A certain Martin Scorsese collaborates in the editing of “Woodstock”: if I had to choose the climax of this phase, I would choose his “The Last Waltz” (1978). In his long career, Scorsese has worked a lot with music and artists, directing documentaries and concert films about and with Dylan, George Harrison, Rolling Stones “The Last Waltz” is a (the?) masterpiece of the genre: it documents The Band's last concert at Winterland in San Francisco, in 1976, with Bob. Dylan and Neil Young, Van Morrison, Joni Mitchell, Eric Scorsese transformed the concert into a cinematic tale that is the celebration of an era, alternating performances with interviews – effectively establishing the paradigm of the concert film.

The song remains the same

Recently remastered for theaters (the last audio remaster is from 2018, part of the reissues of the group's catalog for the 50th anniversary), “The song remains the same” is a classic, but it is also a “divisive” film, like we would say today.

Beloved by fans, it testifies to the band at the height of its popularity, with three concerts at Madison Square Garden in 1973. Precisely due to the size of Zeppelin in that period, the work was complex and tiring, so much so that it came out only 3 years later, in ' 76, after the firing of the first director and after some sequences were subsequently recreated in the studio and edited with the original live footage – with a curious out-of-sync effect in some sequences. .
The film also contains a more psychedelic part which, seen today, has a certain effect, made up of surreal non-musical sequences: from the manager Peter Grant transformed into a gangster who opens the film with a shootout, to John Paul Jones who is divided between the good father of family and village villain, Robert Plant with purple eyes and Jimmy Page who climbs a mountain and meets himself as an old man (Paolo Madeddu collected them in this brilliant article).

Stop making sense

Another masterpiece of the genre is “Stop Making Sense” by Talking Heads (1984), directed by Jonathan Demme, another director closely linked to music, and this one also recently returned to cinemas (only Anglo-Saxon ones, however) – so much so that the band is also gathered to promote it. Demme and the Talking Heads challenge the conventions of the concert film, which have now become clichés: they stage not only the performances, but behind the scenes. The stage is built piece by piece, with each song, with the band joining David Byrne, who starts alone. A brilliant idea.

Rattle and hum

If we want to find the moment of the end of this golden era it is probably between 1988, the year of U2's “Rattle and Hum”, and 1989.
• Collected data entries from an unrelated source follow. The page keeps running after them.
Lemma is_derive_rho (b θ : R) : 0 < b ->
  is_derive (rho b) θ ((1 - b ^ 2) * sin θ * cos θ / rho b θ).
Proof.
  intros Hb; pose proof (rho_pos b θ Hb) as Hr.
  assert (Hs : 0 < sin θ ^ 2 + b ^ 2 * cos θ ^ 2).
  { destruct (Rle_lt_dec (sin θ ^ 2 + b ^ 2 * cos θ ^ 2) 0) as [H|H]; auto.
    unfold rho in Hr; rewrite sqrt_neg_0 in Hr; lra. }
  unfold rho; auto_derive; [lra|].
  change (sqrt (sin θ ^ 2 + b ^ 2 * cos θ ^ 2)) with (rho b θ).
  replace (sqrt _) with (rho b θ) by (unfold rho; f_equal; ring).
  field; lra.
Qed.

(* Coefficients of the zonal operator: expressions in sin, cos, sec, rho and 1/rho.  The class
   is closed under (syntactic) differentiation, which keeps the regularity bootstrap finite. *)
Inductive coef :=
  | CConst (r : R) | CSin | CCos | CSec | CRho | CInvRho
  | CAdd (e1 e2 : coef) | CMul (e1 e2 : coef).

Fixpoint coef_eval (b : R) (e : coef) (θ : R) : R :=
  match e with
  | CConst r => r
  | CSin => sin θ
  | CCos => cos θ
  | CSec => / cos θ
  | CRho => rho b θ
  | CInvRho => / rho b θ
  | CAdd e1 e2 => coef_eval b e1 θ + coef_eval b e2 θ
  | CMul e1 e2 => coef_eval b e1 θ * coef_eval b e2 θ
  end.

Fixpoint coef_deriv (b : R) (e : coef) : coef :=
  match e with
  | CConst _ => CConst 0
  | CSin => CCos
  | CCos => CMul (CConst (-1)) CSin
  | CSec => CMul CSin (CMul CSec CSec)
  | CRho => CMul (CConst (1 - b ^ 2)) (CMul CSin (CMul CCos CInvRho))
  | CInvRho =>
      CMul (CConst (b ^ 2 - 1)) (CMul CSin (CMul CCos (CMul CInvRho (CMul CInvRho CInvRho))))
  | CAdd e1 e2 => CAdd (coef_deriv b e1) (coef_deriv b e2)
  | CMul e1 e2 => CAdd (CMul (coef_deriv b e1) e2) (CMul e1 (coef_deriv b e2))
  end.

Lemma is_derive_coef (b : R) (e : coef) (θ : R) : 0 < b -> in_chart θ ->
  is_derive (coef_eval b e) θ (coef_eval b (coef_deriv b e) θ).
Proof.
  intros Hb Hθ; pose proof (cos_pos_chart θ Hθ); pose proof (rho_pos b θ Hb).
  pose proof (is_derive_rho b θ Hb) as Hrho.
  induction e as [r| | | | | |e1 IH1 e2 IH2|e1 IH1 e2 IH2]; simpl.
  - auto_derive; auto.
  - auto_derive; auto; ring.
  - auto_derive; auto; ring.
  - auto_derive; [lra|]; field; lra.
  - eapply is_derive_ext; [intro; reflexivity|].
    replace (_ * _) with ((1 - b ^ 2) * sin θ * cos θ / rho b θ) by (field; lra); exact Hrho.
  - eapply is_derive_ext; [intro; reflexivity|].
    replace (_ * _) with (- ((1 - b ^ 2) * sin θ * cos θ / rho b θ) / (rho b θ ^ 2))
      by (field; lra).
    apply (is_derive_inv (rho b)); [exact Hrho | lra].
  - apply (is_derive_plus (coef_eval b e1) (coef_eval b e2)); auto.
  - replace (_ + _) with
      (coef_eval b (coef_deriv b e1) θ * coef_eval b e2 θ
       + coef_eval b e1 θ * coef_eval b (coef_deriv b e2) θ) by ring.
    apply (is_derive_mult (coef_eval b e1) (coef_eval b e2)); auto.
    intros; apply Rmult_comm.
Qed.

Lemma ex_derive_coef (b : R) (e : coef) (θ : R) : 0 < b -> in_chart θ ->
  ex_derive (coef_eval b e) θ.
Proof. intros Hb Hθ; eexists; exact (is_derive_coef b e θ Hb Hθ). Qed.

Lemma is_derive_continuity_pt (f : R -> R) (x l : R) :
  is_derive f x l -> continuity_pt f x.
Proof.
  intros H; apply continuity_pt_filterlim.
  apply (ex_derive_continuous (K := R_AbsRing) (V := R_NormedModule)); now exists l.
Qed.

Lemma continuity_pt_coef (b : R) (e : coef) (θ : R) : 0 < b -> in_chart θ ->
  continuity_pt (coef_eval b e) θ.
Proof. intros Hb Hθ; exact (is_derive_continuity_pt _ _ _ (is_derive_coef b e θ Hb Hθ)). Qed.

Lemma Derive_plus_const (F : R -> R) (K x : R) : Derive (fun y => F y + K) x = Derive F x.
Proof. unfold Derive; f_equal; apply Lim_ext; intro h; f_equal; ring. Qed.

Lemma eq_of_is_derive_0 (D : R -> R) (x y : R) :
  (forall z, Rmin x y <= z <= Rmax x y -> is_derive D z 0) -> D x = D y.
Proof.
  intros H; destruct (MVT_gen D x y (fun _ => 0)) as [c [_ Hc]].
  - intros z Hz; apply H; lra.
  - intros z Hz; exact (is_derive_continuity_pt _ _ _ (H z Hz)).
  - lra.
Qed.

Lemma is_derive_0_of_punctured (D : R -> R) (x0 d : R) : 0 < d ->
  (forall z, z <> x0 -> Rabs (z - x0) < d -> is_derive D z 0) ->
  continuity_pt D x0 -> is_derive D x0 0.
Proof.
  intros Hd H Hc.
  apply (is_derive_ext_loc (fun _ => D x0)); [|apply (is_derive_const (D x0))].
  exists (mkposreal d Hd); intros z Hz; change (Rabs (z - x0) < d) in Hz.
  apply Rabs_def2 in Hz.
  destruct (MVT_gen D x0 z (fun _ => 0)) as [c [_ Hmvt]]; [| |lra].
  - intros y Hy; apply H;
      [|apply Rabs_def1]; unfold Rmin, Rmax in Hy; destruct (Rle_dec x0 z); lra.
  - intros y Hy; destruct (Req_dec y x0) as [->|Hy0]; [exact Hc|].
    apply (is_derive_continuity_pt _ _ 0), H; [exact Hy0|].
    apply Rabs_def1; unfold Rmin, Rmax in Hy; destruct (Rle_dec x0 z); lra.
Qed.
The Irish band has made twelve concert films in its career, starting with “Live at Red Rocks” (Gavin Taylor, 1984), released in VHS format together with the live album “Under a Red Blood Sky”. At the end of the '80s he was at the height of success, after “The Joshua Tree”, and decided to do a complex operation: a film and an album with live performances and new songs, linked to their American tour and his story of the United States. The band wanted to involve Scorsese or Demme, but then Phil Joanou, who had created “U2 in the Americas” (this was the original title), got involved.

The album reached number one in America, England and about ten countries, but the film received less than positive reviews and did not do as well at the box office: in America, according to the figures reported at the time by Rolling Stone, it only grossed $8 million despite being distributed in 1,400 theaters – from which it was soon withdrawn. Curiously, U2 have never reissued either the album or the film in an expanded version, despite several unreleased materials, both audio and video, circulating in the form of bootlegs.
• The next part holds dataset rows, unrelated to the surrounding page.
(* Let $f\ge0$ be integrable on $[-\pi,\pi]$ with $\int f>0$ and such that $\lim_{n\to\infty}\sigma_{n+1}^2(f)/\sigma_n^2(f)=1$. If $t(\lambda)$ is a nonnegative trigonometric polynomial, then $$\liminf_{n\to\infty}\frac{\sigma_n^2(ft)}{\sigma_n^2(f)}\ge t(0).$$
   Context: For a nonnegative integrable weight $w$ on $[-\pi,\pi]$, $\sigma_n^2(w)=\min_{q\in\mathcal{Q}_n(1)}\int_{-\pi}^{\pi}|q(e^{i\lambda})|^2w(\lambda)\,d\lambda$, where $\mathcal{Q}_n(1)$ is the set of complex polynomials of degree at most $n$ with $q(1)=1$ (the variance of the BLUE of a constant mean from $n+1$ observations of a stationary process with spectral density $w$). *)

From HB Require Import structures.
From mathcomp Require Import all_boot all_order all_algebra.
From mathcomp Require Import all_classical all_reals all_analysis.
From mathcomp Require Import complex.
Set Implicit Arguments. Unset Strict Implicit. Unset Printing Implicit Defensive.
Import Order.TTheory GRing.Theory Num.Theory.
Local Open Scope classical_set_scope.
Local Open Scope ring_scope.

Section Defs.
Variable R : realType.

Definition expi (x : R) : R[i] := (cos x +i* sin x)%C.

Definition sqmod (z : R[i]) : R := (complex.Re z) ^+ 2 + (complex.Im z) ^+ 2.

Definition Qn1 (n : nat) : set {poly R[i]} :=
  [set q : {poly R[i]} | (size q <= n.+1)%N /\ q.[1] = 1].

(* sigma_n^2(w) = min_{q in Q_n(1)} int_{-pi}^{pi} |q(e^{i l})|^2 w(l) dl
   (defined as the infimum, which is attained) *)
Definition sigma2 (w : R -> R) (n : nat) : R :=
  inf ((fun q : {poly R[i]} => Rintegral (@lebesgue_measure R) `[- pi, pi]
                     (fun x => sqmod (q.[expi x]) * w x)) @` Qn1 n).

Definition trigpoly (m : nat) (a b : nat -> R) (x : R) : R :=
  \sum_(k < m.+1) (a k * cos (k%:R * x) + b k * sin (k%:R * x)).

End Defs.

(* Given [eps > 0], damp [t] by the Fejer-type factor
   [|h(e^{ix})|^2 = ((1 + cos x) / 2)^K], [h = ((z + 1) / 2)^K], with [K] so large
   that [t(x) ((1 + cos x) / 2)^K <= t(0) + eps]; this is possible because
   [t(x) - t(0) = O(|sin(x/2)|)].  Writing [z^m t] as a polynomial [P] in
   [z = e^{ix}] gives [|P(e^{ix})|^2 = t(x)^2].  For [q] in [Q_n(1)], the polynomial
   [q P h / t(0)] lies in [Q_(n+2m+K)(1)] and
   [|q P h / t(0)|^2 <= |q|^2 t (t(0) + eps) / t(0)^2], whence
   [sigma_(n+2m+K)^2(f) <= (t(0) + eps) / t(0)^2 * sigma_n^2(f t)].
   Since [sigma_(n+L)^2(f) / sigma_n^2(f) -> 1] for every fixed [L], the liminf of
   [sigma_n^2(f t) / sigma_n^2(f)] is at least [t(0)^2 / (t(0) + eps)]. *)

From HB Require Import structures.
From mathcomp Require Import all_boot all_order all_algebra.
From mathcomp Require Import all_classical all_reals all_analysis.
From mathcomp Require Import complex.
From mathcomp Require Import ring lra zify measurable_realfun.
Import Order.TTheory GRing.Theory Num.Theory.
Import numFieldTopology.Exports numFieldNormedType.Exports.
Set Implicit Arguments. Unset Strict Implicit. Unset Printing Implicit Defensive.
Local Open Scope classical_set_scope.
Local Open Scope ring_scope.
Local Open Scope complex_scope.

Section ComplexExponential.
Variable R : realType.
Implicit Types (x y : R) (z w : R[i]).

Lemma sqmod_ge0 z : 0 <= sqmod z.
Proof. by rewrite /sqmod addr_ge0 ?sqr_ge0. Qed.

Lemma sqmodM z w : sqmod (z * w) = sqmod z * sqmod w.
Proof. by case: z => a b; case: w => c d; rewrite /sqmod /=; ring. Qed.

Lemma sqmodX z n : sqmod (z ^+ n) = sqmod z ^+ n.
Proof.
elim: n => [|n IH]; last by rewrite !exprS sqmodM IH.
by rewrite /sqmod /= expr0n /= addr0 expr1n.
Qed.

Lemma sqmod_real x : sqmod x%:C = x ^+ 2.
Proof. by rewrite /sqmod /= expr0n /= addr0. Qed.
However, audiovisual concerts were moving elsewhere: it was better to publish them directly on videocassette (and then on DVD), with fewer risks. Unplugged was born in 1989. MTV had changed the perception of television for music and in the 90s a participation would have become highly coveted and even a recording success: Eric Clapton would have sold over 20 million of the album taken from his show for the television network.